(Beginning of EXERCISE DATA)

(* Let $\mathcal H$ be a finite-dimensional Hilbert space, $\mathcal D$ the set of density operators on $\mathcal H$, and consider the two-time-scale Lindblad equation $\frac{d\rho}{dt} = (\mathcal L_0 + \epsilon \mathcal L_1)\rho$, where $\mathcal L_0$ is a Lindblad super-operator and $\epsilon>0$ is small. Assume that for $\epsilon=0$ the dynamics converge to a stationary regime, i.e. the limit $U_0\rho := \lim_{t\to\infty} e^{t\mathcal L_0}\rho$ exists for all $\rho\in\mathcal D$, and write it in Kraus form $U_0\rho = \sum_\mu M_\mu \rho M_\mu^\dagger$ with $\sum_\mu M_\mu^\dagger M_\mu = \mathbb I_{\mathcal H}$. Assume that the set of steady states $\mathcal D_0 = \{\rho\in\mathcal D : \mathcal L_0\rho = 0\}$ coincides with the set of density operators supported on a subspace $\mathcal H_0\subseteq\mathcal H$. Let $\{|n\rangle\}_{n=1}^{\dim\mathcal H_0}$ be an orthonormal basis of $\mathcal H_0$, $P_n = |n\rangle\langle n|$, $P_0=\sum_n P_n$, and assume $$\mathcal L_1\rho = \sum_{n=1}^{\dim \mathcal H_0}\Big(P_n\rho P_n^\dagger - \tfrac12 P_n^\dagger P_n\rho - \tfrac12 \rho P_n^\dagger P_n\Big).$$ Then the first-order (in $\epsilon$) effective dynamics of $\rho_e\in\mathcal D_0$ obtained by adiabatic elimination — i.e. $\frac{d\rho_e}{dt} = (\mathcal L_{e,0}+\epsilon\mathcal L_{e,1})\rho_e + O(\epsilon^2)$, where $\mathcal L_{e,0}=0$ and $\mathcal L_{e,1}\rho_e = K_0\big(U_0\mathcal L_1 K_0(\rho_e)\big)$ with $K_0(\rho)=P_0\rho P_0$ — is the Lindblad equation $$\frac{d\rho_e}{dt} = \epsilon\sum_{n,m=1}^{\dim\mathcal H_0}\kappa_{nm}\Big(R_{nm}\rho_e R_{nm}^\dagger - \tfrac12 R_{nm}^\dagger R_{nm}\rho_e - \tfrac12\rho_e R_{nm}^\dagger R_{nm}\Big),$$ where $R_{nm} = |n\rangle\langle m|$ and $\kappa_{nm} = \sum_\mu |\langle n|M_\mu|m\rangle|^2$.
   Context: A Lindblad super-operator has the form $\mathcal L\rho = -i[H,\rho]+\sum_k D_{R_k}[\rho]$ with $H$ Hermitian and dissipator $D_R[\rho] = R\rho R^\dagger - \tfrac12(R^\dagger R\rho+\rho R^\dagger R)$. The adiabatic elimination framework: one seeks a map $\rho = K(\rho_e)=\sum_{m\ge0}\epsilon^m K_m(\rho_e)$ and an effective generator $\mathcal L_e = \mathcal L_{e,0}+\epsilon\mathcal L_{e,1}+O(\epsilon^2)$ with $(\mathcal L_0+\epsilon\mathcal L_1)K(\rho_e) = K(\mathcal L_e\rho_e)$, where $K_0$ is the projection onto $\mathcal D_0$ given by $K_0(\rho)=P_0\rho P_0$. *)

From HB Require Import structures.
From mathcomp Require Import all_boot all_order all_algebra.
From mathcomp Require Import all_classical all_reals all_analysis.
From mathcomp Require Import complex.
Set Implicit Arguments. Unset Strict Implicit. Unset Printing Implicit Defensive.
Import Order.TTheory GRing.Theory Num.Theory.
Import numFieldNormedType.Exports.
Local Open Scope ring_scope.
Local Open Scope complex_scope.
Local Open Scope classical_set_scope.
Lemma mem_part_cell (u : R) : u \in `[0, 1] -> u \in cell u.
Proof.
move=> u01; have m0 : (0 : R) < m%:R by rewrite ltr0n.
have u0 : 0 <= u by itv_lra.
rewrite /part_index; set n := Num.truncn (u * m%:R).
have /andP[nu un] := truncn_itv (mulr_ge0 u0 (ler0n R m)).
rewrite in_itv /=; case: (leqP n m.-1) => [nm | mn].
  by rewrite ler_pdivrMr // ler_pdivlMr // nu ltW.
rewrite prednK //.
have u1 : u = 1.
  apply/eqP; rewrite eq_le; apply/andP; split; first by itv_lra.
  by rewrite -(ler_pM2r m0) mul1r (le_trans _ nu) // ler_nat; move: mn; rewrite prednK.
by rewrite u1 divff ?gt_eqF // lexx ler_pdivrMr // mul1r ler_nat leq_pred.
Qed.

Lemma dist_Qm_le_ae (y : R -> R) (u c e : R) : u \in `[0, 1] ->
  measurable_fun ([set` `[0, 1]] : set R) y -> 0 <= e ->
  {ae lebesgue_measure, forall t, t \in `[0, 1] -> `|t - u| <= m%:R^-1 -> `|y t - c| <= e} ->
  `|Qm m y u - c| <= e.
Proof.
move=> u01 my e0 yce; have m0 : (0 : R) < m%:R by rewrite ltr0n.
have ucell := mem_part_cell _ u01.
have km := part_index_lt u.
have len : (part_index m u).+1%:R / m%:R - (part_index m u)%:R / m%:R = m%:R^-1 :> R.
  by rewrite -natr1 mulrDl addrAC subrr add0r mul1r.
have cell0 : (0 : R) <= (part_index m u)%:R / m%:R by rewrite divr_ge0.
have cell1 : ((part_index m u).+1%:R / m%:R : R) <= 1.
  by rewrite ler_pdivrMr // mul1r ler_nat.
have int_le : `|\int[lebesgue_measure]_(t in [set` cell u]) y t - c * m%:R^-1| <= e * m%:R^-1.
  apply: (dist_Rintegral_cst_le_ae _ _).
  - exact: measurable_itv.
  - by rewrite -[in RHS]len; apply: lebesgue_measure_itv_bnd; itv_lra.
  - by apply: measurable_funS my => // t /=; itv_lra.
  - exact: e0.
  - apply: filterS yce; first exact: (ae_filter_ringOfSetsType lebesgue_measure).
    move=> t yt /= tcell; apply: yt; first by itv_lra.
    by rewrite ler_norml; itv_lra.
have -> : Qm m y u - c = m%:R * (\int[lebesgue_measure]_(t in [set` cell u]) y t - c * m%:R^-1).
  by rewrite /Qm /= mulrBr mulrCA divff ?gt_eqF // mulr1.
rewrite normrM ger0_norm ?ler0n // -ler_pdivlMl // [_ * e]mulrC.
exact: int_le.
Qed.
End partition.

(End of EXERCISE DATA)
(Beginning of EXERCISE DATA)

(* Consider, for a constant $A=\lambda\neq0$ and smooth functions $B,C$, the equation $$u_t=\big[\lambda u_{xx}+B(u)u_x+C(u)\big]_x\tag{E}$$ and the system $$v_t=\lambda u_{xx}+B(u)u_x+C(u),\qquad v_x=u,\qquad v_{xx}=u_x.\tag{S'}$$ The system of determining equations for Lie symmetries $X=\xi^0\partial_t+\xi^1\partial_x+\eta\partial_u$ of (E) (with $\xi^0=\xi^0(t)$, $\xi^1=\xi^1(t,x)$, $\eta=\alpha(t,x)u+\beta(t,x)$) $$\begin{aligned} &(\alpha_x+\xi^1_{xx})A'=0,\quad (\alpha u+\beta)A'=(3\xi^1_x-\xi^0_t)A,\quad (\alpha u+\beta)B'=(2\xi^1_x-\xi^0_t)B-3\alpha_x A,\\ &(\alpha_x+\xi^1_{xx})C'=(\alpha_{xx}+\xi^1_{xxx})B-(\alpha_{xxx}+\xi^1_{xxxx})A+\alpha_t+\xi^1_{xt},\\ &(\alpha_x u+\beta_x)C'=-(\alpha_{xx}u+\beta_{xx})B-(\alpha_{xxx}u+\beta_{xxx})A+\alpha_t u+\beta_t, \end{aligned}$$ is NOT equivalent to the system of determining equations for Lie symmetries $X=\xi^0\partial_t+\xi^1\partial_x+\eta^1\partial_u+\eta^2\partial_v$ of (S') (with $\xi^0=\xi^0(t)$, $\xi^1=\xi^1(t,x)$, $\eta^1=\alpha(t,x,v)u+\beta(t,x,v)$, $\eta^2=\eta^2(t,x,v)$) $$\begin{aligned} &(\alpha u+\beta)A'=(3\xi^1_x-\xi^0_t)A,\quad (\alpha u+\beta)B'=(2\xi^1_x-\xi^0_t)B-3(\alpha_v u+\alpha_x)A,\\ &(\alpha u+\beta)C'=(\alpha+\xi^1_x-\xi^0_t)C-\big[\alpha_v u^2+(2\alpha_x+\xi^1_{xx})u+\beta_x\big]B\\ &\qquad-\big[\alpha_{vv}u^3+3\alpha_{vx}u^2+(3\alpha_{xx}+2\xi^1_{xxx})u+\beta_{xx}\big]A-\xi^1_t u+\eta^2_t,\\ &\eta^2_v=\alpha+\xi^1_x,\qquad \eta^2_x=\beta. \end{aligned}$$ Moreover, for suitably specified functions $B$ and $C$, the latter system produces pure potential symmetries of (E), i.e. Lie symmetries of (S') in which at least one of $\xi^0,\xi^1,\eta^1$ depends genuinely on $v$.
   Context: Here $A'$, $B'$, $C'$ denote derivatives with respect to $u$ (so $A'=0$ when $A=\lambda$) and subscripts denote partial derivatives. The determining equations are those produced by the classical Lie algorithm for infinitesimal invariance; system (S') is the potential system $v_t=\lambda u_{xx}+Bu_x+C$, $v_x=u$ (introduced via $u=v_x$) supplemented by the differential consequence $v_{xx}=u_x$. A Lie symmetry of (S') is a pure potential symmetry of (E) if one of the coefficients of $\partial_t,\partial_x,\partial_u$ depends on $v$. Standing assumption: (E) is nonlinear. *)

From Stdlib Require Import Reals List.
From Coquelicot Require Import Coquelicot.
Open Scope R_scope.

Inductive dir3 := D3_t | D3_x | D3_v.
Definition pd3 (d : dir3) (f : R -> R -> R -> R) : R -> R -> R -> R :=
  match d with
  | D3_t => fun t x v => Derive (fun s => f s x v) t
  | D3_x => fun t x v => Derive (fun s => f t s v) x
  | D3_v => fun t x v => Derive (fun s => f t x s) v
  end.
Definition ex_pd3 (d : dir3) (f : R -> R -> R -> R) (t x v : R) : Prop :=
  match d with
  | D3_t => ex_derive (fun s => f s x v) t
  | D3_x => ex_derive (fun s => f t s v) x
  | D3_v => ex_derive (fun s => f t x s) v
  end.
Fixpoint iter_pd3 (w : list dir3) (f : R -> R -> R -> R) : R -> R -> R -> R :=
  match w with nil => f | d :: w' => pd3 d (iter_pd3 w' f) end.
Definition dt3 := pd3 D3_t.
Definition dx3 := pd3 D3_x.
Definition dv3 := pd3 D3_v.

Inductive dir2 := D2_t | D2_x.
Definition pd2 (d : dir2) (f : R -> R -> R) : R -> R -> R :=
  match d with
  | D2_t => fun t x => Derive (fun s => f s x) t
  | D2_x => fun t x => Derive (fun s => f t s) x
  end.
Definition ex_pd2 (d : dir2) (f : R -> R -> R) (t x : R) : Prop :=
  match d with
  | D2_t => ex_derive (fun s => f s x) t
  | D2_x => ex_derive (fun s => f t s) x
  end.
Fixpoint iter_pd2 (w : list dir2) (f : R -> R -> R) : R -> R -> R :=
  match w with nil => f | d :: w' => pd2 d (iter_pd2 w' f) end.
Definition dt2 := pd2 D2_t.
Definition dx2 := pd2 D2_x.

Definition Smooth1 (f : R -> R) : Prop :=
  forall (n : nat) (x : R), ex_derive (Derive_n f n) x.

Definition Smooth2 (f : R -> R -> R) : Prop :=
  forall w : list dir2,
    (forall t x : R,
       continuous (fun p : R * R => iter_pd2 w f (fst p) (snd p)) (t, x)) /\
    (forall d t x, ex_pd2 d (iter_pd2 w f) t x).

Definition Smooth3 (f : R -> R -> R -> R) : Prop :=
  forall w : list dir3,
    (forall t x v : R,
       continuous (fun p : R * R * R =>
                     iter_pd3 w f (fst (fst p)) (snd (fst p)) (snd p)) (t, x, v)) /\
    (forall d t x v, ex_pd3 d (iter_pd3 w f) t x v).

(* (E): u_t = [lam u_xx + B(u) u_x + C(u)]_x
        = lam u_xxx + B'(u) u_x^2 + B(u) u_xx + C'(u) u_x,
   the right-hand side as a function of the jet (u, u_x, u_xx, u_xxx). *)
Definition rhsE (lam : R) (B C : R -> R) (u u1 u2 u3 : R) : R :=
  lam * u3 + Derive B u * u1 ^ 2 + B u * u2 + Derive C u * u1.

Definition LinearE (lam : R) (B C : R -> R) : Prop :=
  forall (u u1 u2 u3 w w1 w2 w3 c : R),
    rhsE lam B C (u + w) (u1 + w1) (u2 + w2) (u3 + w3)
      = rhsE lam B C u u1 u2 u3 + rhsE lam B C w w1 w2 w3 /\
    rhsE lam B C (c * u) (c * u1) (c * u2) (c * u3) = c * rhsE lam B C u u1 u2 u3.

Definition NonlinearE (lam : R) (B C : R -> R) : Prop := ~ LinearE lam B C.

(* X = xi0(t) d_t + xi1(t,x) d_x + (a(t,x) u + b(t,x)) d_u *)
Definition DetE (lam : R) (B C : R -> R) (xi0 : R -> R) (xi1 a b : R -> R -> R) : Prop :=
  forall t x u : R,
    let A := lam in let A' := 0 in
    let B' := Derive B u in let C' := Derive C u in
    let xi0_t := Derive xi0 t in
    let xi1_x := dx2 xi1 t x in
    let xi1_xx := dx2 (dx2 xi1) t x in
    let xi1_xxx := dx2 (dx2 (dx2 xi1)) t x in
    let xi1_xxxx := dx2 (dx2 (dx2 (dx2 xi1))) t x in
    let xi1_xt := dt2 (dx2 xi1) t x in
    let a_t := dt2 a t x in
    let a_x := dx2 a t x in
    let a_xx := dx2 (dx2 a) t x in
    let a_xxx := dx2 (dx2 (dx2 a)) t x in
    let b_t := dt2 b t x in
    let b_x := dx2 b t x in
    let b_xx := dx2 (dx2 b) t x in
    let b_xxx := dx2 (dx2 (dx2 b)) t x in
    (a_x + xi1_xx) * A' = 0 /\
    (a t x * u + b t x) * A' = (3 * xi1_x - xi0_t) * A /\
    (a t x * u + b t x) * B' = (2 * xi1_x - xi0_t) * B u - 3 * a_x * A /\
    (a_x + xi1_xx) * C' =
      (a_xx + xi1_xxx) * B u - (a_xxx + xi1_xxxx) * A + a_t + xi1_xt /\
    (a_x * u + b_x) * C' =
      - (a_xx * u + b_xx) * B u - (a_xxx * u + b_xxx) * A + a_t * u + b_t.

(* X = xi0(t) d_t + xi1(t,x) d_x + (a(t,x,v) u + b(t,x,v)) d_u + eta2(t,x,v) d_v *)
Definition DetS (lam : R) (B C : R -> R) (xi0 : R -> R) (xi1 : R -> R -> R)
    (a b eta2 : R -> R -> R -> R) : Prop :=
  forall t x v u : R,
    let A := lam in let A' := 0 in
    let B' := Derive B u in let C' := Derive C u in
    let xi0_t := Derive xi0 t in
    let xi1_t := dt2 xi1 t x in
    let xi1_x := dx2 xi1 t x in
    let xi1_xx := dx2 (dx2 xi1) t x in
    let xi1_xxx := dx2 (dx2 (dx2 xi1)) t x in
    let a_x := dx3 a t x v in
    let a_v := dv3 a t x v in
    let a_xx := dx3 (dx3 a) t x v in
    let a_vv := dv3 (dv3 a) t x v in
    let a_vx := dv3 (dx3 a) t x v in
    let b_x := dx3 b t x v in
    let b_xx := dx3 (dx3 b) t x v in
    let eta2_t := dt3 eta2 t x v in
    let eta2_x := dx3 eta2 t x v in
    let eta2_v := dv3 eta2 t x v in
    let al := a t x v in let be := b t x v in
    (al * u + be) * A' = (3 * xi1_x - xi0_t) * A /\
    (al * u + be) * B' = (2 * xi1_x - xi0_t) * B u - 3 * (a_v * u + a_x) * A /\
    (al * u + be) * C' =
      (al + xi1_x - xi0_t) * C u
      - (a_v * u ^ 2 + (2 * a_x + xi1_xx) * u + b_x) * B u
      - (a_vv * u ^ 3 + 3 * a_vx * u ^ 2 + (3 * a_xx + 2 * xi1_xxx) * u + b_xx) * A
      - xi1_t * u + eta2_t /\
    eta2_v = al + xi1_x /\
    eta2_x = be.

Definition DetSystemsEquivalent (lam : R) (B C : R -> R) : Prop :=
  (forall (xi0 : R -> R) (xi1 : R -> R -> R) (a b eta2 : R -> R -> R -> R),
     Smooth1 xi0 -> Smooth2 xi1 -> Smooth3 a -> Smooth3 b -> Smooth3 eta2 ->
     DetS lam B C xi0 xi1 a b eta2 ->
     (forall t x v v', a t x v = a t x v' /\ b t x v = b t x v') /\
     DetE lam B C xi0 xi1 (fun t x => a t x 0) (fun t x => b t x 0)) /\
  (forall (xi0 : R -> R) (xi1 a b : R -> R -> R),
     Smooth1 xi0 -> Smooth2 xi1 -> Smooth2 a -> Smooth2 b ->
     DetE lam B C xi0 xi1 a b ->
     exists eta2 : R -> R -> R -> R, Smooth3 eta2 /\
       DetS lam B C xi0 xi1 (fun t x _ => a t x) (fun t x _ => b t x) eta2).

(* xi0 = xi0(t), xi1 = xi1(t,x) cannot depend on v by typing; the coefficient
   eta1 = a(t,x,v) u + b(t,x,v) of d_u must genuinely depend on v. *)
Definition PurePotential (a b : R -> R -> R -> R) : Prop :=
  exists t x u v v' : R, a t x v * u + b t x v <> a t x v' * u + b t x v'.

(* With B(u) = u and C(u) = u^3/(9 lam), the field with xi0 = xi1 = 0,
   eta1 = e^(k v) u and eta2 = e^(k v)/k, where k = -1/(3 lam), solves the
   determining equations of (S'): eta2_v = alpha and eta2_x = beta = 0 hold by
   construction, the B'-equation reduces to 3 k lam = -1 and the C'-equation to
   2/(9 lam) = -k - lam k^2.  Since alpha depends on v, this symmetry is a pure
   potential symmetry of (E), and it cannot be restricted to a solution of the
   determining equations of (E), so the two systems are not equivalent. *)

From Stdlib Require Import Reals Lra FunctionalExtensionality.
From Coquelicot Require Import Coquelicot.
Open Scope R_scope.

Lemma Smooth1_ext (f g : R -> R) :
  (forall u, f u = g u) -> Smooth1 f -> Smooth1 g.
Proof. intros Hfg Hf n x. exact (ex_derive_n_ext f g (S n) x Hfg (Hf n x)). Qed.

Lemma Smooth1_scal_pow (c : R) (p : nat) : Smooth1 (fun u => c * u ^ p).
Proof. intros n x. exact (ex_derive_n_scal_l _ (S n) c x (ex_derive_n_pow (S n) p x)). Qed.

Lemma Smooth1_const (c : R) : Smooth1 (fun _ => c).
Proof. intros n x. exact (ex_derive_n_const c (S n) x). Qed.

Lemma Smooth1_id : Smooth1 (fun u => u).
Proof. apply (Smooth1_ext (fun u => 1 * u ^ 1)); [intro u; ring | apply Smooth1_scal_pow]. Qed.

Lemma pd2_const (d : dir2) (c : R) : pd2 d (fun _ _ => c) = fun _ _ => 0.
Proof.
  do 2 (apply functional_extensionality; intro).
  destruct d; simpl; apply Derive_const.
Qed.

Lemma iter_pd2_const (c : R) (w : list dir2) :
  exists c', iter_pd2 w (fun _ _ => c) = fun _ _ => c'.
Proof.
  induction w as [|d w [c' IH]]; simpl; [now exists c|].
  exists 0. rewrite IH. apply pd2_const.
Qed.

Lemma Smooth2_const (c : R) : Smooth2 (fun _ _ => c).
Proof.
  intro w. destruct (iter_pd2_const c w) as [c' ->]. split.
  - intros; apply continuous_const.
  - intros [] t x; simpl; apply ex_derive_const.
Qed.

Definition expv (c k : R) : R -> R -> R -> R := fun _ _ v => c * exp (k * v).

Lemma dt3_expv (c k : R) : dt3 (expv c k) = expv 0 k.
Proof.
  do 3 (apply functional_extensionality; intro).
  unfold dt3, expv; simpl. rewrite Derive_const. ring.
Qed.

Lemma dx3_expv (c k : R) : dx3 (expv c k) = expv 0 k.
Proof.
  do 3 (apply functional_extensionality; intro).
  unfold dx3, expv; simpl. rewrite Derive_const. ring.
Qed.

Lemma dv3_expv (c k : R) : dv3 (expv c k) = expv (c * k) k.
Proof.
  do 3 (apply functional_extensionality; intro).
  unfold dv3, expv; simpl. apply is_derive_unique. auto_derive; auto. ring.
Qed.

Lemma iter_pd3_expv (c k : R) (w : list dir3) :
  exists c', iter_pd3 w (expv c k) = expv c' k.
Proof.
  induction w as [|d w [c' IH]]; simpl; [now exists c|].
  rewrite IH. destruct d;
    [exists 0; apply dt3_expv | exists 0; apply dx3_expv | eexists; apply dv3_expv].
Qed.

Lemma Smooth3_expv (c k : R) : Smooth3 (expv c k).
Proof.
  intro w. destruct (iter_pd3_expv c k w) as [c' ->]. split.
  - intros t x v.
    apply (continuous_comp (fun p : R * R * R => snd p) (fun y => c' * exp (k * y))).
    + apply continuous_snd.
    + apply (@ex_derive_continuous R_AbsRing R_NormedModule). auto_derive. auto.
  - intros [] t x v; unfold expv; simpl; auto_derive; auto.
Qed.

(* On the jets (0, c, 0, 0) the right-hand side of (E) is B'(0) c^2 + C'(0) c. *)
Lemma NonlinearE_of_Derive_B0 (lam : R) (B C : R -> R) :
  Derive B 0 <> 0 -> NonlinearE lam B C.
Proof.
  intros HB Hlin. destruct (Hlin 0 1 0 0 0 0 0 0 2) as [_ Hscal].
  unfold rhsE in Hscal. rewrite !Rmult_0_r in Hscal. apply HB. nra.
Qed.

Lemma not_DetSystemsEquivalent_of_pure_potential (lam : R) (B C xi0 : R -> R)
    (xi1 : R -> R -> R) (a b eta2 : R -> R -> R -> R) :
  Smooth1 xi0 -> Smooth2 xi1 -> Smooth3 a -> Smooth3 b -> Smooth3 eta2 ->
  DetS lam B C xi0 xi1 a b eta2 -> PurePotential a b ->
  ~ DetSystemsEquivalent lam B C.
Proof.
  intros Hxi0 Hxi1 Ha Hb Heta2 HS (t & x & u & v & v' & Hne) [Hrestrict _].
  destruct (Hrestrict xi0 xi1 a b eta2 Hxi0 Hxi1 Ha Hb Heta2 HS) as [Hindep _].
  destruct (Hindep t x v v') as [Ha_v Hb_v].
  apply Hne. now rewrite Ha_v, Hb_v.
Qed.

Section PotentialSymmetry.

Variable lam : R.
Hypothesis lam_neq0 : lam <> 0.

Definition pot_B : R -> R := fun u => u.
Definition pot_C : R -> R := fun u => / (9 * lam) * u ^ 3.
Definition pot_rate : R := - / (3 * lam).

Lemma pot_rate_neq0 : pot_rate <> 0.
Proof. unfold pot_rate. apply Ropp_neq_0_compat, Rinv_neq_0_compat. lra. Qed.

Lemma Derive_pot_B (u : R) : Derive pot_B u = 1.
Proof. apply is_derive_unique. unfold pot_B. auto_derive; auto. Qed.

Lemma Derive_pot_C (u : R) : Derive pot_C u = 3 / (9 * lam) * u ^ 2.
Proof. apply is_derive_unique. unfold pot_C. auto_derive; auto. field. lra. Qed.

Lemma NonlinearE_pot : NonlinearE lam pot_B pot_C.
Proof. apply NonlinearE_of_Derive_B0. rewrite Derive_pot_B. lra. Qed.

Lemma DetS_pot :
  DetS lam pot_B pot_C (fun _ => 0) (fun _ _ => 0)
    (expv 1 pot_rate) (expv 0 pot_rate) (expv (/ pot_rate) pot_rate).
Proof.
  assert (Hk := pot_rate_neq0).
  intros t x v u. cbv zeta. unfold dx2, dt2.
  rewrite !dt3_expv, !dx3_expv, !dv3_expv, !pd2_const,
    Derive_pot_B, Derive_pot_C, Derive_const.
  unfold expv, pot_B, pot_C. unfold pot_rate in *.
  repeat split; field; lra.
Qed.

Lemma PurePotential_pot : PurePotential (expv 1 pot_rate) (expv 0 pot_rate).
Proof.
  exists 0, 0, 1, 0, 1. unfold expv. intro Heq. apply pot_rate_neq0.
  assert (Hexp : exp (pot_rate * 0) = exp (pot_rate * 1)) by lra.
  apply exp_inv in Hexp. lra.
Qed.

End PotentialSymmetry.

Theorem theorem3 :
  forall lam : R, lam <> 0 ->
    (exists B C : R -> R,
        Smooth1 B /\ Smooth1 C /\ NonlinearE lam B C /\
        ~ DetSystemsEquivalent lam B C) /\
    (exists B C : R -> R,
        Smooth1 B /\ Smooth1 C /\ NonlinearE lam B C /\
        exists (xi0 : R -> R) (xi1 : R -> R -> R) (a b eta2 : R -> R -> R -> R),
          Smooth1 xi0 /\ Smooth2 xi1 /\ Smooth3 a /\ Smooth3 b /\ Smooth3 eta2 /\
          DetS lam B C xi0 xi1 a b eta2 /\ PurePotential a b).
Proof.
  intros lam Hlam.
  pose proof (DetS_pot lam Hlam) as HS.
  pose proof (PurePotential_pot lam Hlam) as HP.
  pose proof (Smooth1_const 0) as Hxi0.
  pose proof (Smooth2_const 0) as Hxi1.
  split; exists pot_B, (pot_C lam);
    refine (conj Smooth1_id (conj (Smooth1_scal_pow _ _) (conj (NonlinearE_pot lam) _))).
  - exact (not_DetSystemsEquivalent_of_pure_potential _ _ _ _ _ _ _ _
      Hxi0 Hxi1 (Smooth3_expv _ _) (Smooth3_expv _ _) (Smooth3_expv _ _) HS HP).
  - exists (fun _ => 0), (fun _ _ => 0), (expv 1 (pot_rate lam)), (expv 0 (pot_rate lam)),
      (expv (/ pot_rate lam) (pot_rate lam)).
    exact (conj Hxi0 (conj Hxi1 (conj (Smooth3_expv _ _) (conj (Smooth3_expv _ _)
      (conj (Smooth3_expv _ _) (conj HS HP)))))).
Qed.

(End of EXERCISE DATA)

→ EXERCISE INSTRUCTIONS: Write down again, exactly as given, only the lines above that fall from the line with "- exact: measurable_itv." to the line with "- apply: filterS", inclusive.

→ RESPONSE AREA:
  - exact: measurable_itv.
  - by rewrite -[in RHS]len; apply: lebesgue_measure_itv_bnd; itv_lra.
  - by apply: measurable_funS my => // t /=; itv_lra.
  - exact: e0.
  - apply: filterS yce; first exact: (ae_filter_ringOfSetsType lebesgue_measure).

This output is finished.